Seit vier Jahren sitzt er im Stadtrat. Im Interview streicht er die Stärken
seiner Partei heraus und berichtet schmunzelnd, von seiner jugendlich rebellischen Phase.
Bist du eher ein Träumer oder ein Realist?
Wahrscheinlich beides. Ich habe schon eine starke träumerische Komponente in mir, weil ich gerne Visionen bzw. neue Ideen, zu realisieren versuche. Ich sehe das was ist, nicht einfach als gegeben an. Realist bin ich insofern, dass ich mit meiner Lebenserfahrung besser einschätzen kann, was möglich ist.

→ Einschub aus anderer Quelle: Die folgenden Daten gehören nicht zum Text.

Lemma Fmap_supported (k : nzRingType) (sigma : k -> k) (g : nat) (J : {set 'I_g})
  (f r : nat) (v : 'rV[k]_g) :
  sigma 0 = 0 -> #|J| = f -> supported r v ->
  supported (free_below J r) (Fmap sigma J f v).
Proof.
move=> s0 hJ hv m hm; rewrite Fmap_coord big1 // => j _.
case: (leqP r j) => hj; first by rewrite hv // s0 mul0r.
case: ifP => hf; last by rewrite mulr0.
have hjJ : j \notin J by apply/negP => /(w0_lt_of_mem hJ); rewrite ltnNge hf.
have hlt : (w0 J f j - f < free_below J r)%N.
  rewrite /w0 (negbTE hjJ) addKn; apply: proper_card; apply/properP; split.
    by apply/subsetP => x; rewrite !inE => /andP[-> /ltn_trans ->].
  by exists j; rewrite !inE ?hjJ ?hj ?ltnn ?andbF.
case: eqP => [he|]; last by rewrite mulr0.
by move: hm; rewrite he leqNgt hlt.
Qed.

Lemma Fmap_avoids (k : nzRingType) (sigma : k -> k) (g : nat) (J : {set 'I_g})
  (f d : nat) (v : 'rV[k]_g) :
  sigma 0 = 0 -> avoids J d -> supported d v ->
  forall m : 'I_g, (Fmap sigma J f v) 0 m = sigma (v 0 m).
Proof.
move=> s0 hd hv m.
rewrite Fmap_coord -[RHS](sum_kronecker (fun j => sigma (v 0 j)) m).
apply: eq_bigr => j _.
case: (leqP d j) => hj; first by rewrite hv // s0 !mul0r.
by rewrite (w0_of_avoids _ hd hj) leq_addr addKn.
Qed.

Aber meistens ist wesentlich mehr möglich, als man auf den ersten Blick meint.
Ist Politik in der Familie auch ein Thema?
Ja, vor allem mit meinen Töchtern gibt es schon öfters Diskussionen. Unsere ältere Tochter hat zum Beispiel angeregt, dass wir unseren Lebensstil als Familie nachhaltiger und ökologischer gestalten. Ihre Meinung hat durchaus Gewicht bei uns.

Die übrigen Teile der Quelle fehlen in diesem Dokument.